Lemma unif_cauchy_ex_finite_lim (f : T -> nat -> R) :
  unif_cauchy f -> forall x, P x -> ex_finite_lim_seq (f x).
Proof.
  intros Hf x Hx; apply ex_lim_seq_cauchy_corr; intros [eps Heps].
  destruct (Hf (eps / 3) ltac:(lra)) as [N HN].
  exists N; intros n m Hn Hm; simpl.
  pose proof (HN N (n - N)%nat x (le_n N) Hx) as HnN.
  pose proof (HN N (m - N)%nat x (le_n N) Hx) as HmN.
  replace (N + (n - N))%nat with n in HnN by lia.
  replace (N + (m - N))%nat with m in HmN by lia.
  apply Rabs_le_between in HnN, HmN; apply Rabs_def1; lra.
Qed.

Lemma unif_cauchy_cvg (f : T -> nat -> R) : unif_cauchy f ->
  forall eps, 0 < eps -> exists N, forall n x, (N <= n)%nat -> P x ->
    Rabs (f x n - real (Lim_seq (f x))) <= eps.
Proof.
  intros Hf eps Heps.
  destruct (Hf eps Heps) as [N HN].
  exists N; intros n x Hn Hx.
  pose proof (Lim_seq_correct' _ (unif_cauchy_ex_finite_lim f Hf x Hx)) as Hlim.
  assert (Hball : f x n - eps <= real (Lim_seq (f x)) <= f x n + eps).
  { apply (is_lim_seq_ev_bounds (f x) _ _ _ n Hlim); intros m Hm.
    pose proof (HN n (m - n)%nat x Hn Hx) as Hm'.
    replace (n + (m - n))%nat with m in Hm' by lia.
    apply Rabs_le_between in Hm'; lra. }
  apply Rabs_le_between; lra.
Qed.

Lemma rel_incr_unif_cauchy (u : T -> nat -> R) (b : nat -> R) (N : nat) (M : R) :
  (forall k, 0 <= b k) -> ex_series b ->
  (forall x k, P x -> (N <= k)%nat ->
     0 <= u x k <= M /\ Rabs (u x (S k) - u x k) <= b k * u x k) ->
  unif_cauchy u.
Proof.
  intros Hb Hbs Hu eps Heps.
  set (C := 2 * Rabs M + 1).
  assert (HC : 0 < C) by (pose proof (Rabs_pos M); unfold C; lra).
  assert (Ht : 0 < Rmin (1 / 2) (eps / C))
    by (apply Rmin_pos; [lra | apply Rdiv_lt_0_compat; lra]).
  destruct (sum_from_small b Hbs _ Ht) as [Nt HNt].
  exists (Nat.max N Nt); intros n j x Hn Hx.
  destruct (Hu x n Hx ltac:(lia)) as [Hun _].
  assert (Hseg : sum_from b n j <= Rmin (1 / 2) (eps / C)) by (apply HNt; lia).
  pose proof (Rmin_l (1 / 2) (eps / C)); pose proof (Rmin_r (1 / 2) (eps / C)).
  assert (Hincr : Rabs (u x (n + j)%nat - u x n) <= 2 * u x n * sum_from b n j).
  { apply rel_incr_bound; [intros; apply Hb | lra | | lra].
    intros k Hk; apply (Hu x k Hx); lia. }
  pose proof (sum_from_ge0 b Hb n j).
  assert (2 * u x n <= C) by (pose proof (Rle_abs M); unfold C; lra).
  assert (2 * u x n * sum_from b n j <= C * (eps / C)) by (apply Rmult_le_compat; lra).
  replace (C * (eps / C)) with eps in * by (field; lra); lra.
Qed.

End UniformCauchy.

Lemma Rabs_mult_le_sum_sq (x y : R) : Rabs (x * y) <= (x ^ 2 + y ^ 2) / 2.
Proof.
  rewrite Rabs_mult, <- (pow2_abs x), <- (pow2_abs y).
  pose proof (pow2_ge_0 (Rabs x - Rabs y)); nra.
Qed.

Lemma Rabs_sub_sq_le (x y : R) : Rabs (y ^ 2 - x ^ 2) <= x ^ 2 + y ^ 2.
Proof. apply Rabs_le; split; nra. Qed.

Lemma sq_le_of_Rabs_le (w B : R) : Rabs w <= B -> w ^ 2 <= B ^ 2.
Proof. intros Hw; rewrite <- (pow2_abs w); pose proof (Rabs_pos w); nra. Qed.

Lemma opoly_0 g w : opoly g 0 w = 1.
Proof. reflexivity. Qed.

Lemma opoly_1 g w : opoly g 1 w = w / g 0%nat.
Proof. unfold opoly; simpl; unfold Rdiv; ring. Qed.

Lemma opoly_SS g w n :
  opoly g (S (S n)) w = (w * opoly g (S n) w - g n * opoly g n w) / g (S n).
Proof.
  unfold opoly; simpl pair_p at 1.
  destruct (pair_p g w (S n)) as [a b] eqn:E; simpl.
  simpl in E; destruct (pair_p g w n) as [c d]; injection E as <- <-; reflexivity.
Qed.

Definition psq (g : nat -> R) (w : R) (n : nat) : R :=
  opoly g n w ^ 2 + opoly g (S n) w ^ 2.

Lemma psq_ge0 g w n : 0 <= psq g w n.
Proof. unfold psq; nra. Qed.

Lemma sq_div_le (w B a c u v : R) : Rabs w <= B -> 0 < c ->
  ((w * u - a * v) / c) ^ 2 <= 2 * (B ^ 2 + a ^ 2) / c ^ 2 * (u ^ 2 + v ^ 2).
Proof.
  intros Hw Hc; pose proof (sq_le_of_Rabs_le w B Hw).
  assert (Hnum : (w * u - a * v) ^ 2 <= 2 * (B ^ 2 + a ^ 2) * (u ^ 2 + v ^ 2)).
  { pose proof (pow2_ge_0 (w * u + a * v)).
    assert (w ^ 2 * u ^ 2 <= B ^ 2 * u ^ 2) by (apply Rmult_le_compat_r; nra).
    nra. }
  replace (((w * u - a * v) / c) ^ 2) with ((w * u - a * v) ^ 2 / c ^ 2) by (field; lra).
  replace (2 * (B ^ 2 + a ^ 2) / c ^ 2 * (u ^ 2 + v ^ 2))
    with (2 * (B ^ 2 + a ^ 2) * (u ^ 2 + v ^ 2) / c ^ 2) by (field; lra).
  apply Rmult_le_compat_r; [apply Rlt_le, Rinv_0_lt_compat; nra | exact Hnum].
Qed.

Lemma psq_S_ratio g B n : (forall k, 0 < g k) ->
  exists K, 1 <= K /\ forall w, Rabs w <= B ->
    psq g w (S n) <= K * psq g w n /\ psq g w n <= K * psq g w (S n).
Proof.
  intros Hg; pose proof (Hg n); pose proof (Hg (S n)).
  set (k1 := 2 * (B ^ 2 + g n ^ 2) / g (S n) ^ 2).
  set (k2 := 2 * (B ^ 2 + g (S n) ^ 2) / g n ^ 2).
  assert (Hk1 : 0 <= k1) by (apply Rdiv_le_0_compat; nra).
  assert (Hk2 : 0 <= k2) by (apply Rdiv_le_0_compat; nra).
  exists (1 + k1 + k2); split; [lra|]; intros w Hw.
  pose proof (psq_ge0 g w n); pose proof (psq_ge0 g w (S n)).
  unfold psq in *.
  set (x := opoly g n w) in *; set (y := opoly g (S n) w) in *.
  assert (Hz : opoly g (S (S n)) w = (w * y - g n * x) / g (S n)) by apply opoly_SS.
  set (z := opoly g (S (S n)) w) in *.
  assert (Hx : x = (w * y - g (S n) * z) / g n) by (rewrite Hz; field; lra).
  pose proof (sq_div_le w B (g n) (g (S n)) y x Hw ltac:(lra)) as Hz2.
  pose proof (sq_div_le w B (g (S n)) (g n) y z Hw ltac:(lra)) as Hx2.
  rewrite <- Hz in Hz2; rewrite <- Hx in Hx2; fold k1 in Hz2; fold k2 in Hx2.
  split; nra.
Qed.

Lemma psq_unif_bounds g B n : (forall k, 0 < g k) ->
  exists lo hi, 0 < lo /\ forall w, Rabs w <= B -> lo <= psq g w n <= hi.
Proof.
  intros Hg; induction n as [|n IH].
  - exists 1, (1 + (B / g 0%nat) ^ 2); split; [lra|]; intros w Hw.
    unfold psq; rewrite opoly_0, opoly_1.
    pose proof (Hg 0%nat).
    assert ((w / g 0%nat) ^ 2 <= (B / g 0%nat) ^ 2).
    { apply sq_le_of_Rabs_le; unfold Rdiv.
      rewrite Rabs_mult, (Rabs_right (/ g 0%nat))
        by (apply Rle_ge, Rlt_le, Rinv_0_lt_compat; lra).
      apply Rmult_le_compat_r; [apply Rlt_le, Rinv_0_lt_compat|]; lra. }
    split; nra.
  - destruct IH as (lo & hi & Hlo & Hb).
    destruct (psq_S_ratio g B n Hg) as (K & HK & HKw).
    exists (lo / K), (K * hi); split; [apply Rdiv_lt_0_compat; lra|]; intros w Hw.
    destruct (HKw w Hw) as [H1 H2]; destruct (Hb w Hw).
    split.
    + apply (Rmult_le_reg_l K); [lra|].
      replace (K * (lo / K)) with lo by (field; lra); lra.
    + pose proof (psq_ge0 g w n); nra.
Qed.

◆ **Your goal**:
Retype the entries above exactly, but only from the line containing "assert (Hnum : (w" through the line containing "set (k2 := 2", both included.

◆ **Exercise response**:
  assert (Hnum : (w * u - a * v) ^ 2 <= 2 * (B ^ 2 + a ^ 2) * (u ^ 2 + v ^ 2)).
  { pose proof (pow2_ge_0 (w * u + a * v)).
    assert (w ^ 2 * u ^ 2 <= B ^ 2 * u ^ 2) by (apply Rmult_le_compat_r; nra).
    nra. }
  replace (((w * u - a * v) / c) ^ 2) with ((w * u - a * v) ^ 2 / c ^ 2) by (field; lra).
  replace (2 * (B ^ 2 + a ^ 2) / c ^ 2 * (u ^ 2 + v ^ 2))
    with (2 * (B ^ 2 + a ^ 2) * (u ^ 2 + v ^ 2) / c ^ 2) by (field; lra).
  apply Rmult_le_compat_r; [apply Rlt_le, Rinv_0_lt_compat; nra | exact Hnum].
Qed.

Lemma psq_S_ratio g B n : (forall k, 0 < g k) ->
  exists K, 1 <= K /\ forall w, Rabs w <= B ->
    psq g w (S n) <= K * psq g w n /\ psq g w n <= K * psq g w (S n).
Proof.
  intros Hg; pose proof (Hg n); pose proof (Hg (S n)).
  set (k1 := 2 * (B ^ 2 + g n ^ 2) / g (S n) ^ 2).
  set (k2 := 2 * (B ^ 2 + g (S n) ^ 2) / g n ^ 2).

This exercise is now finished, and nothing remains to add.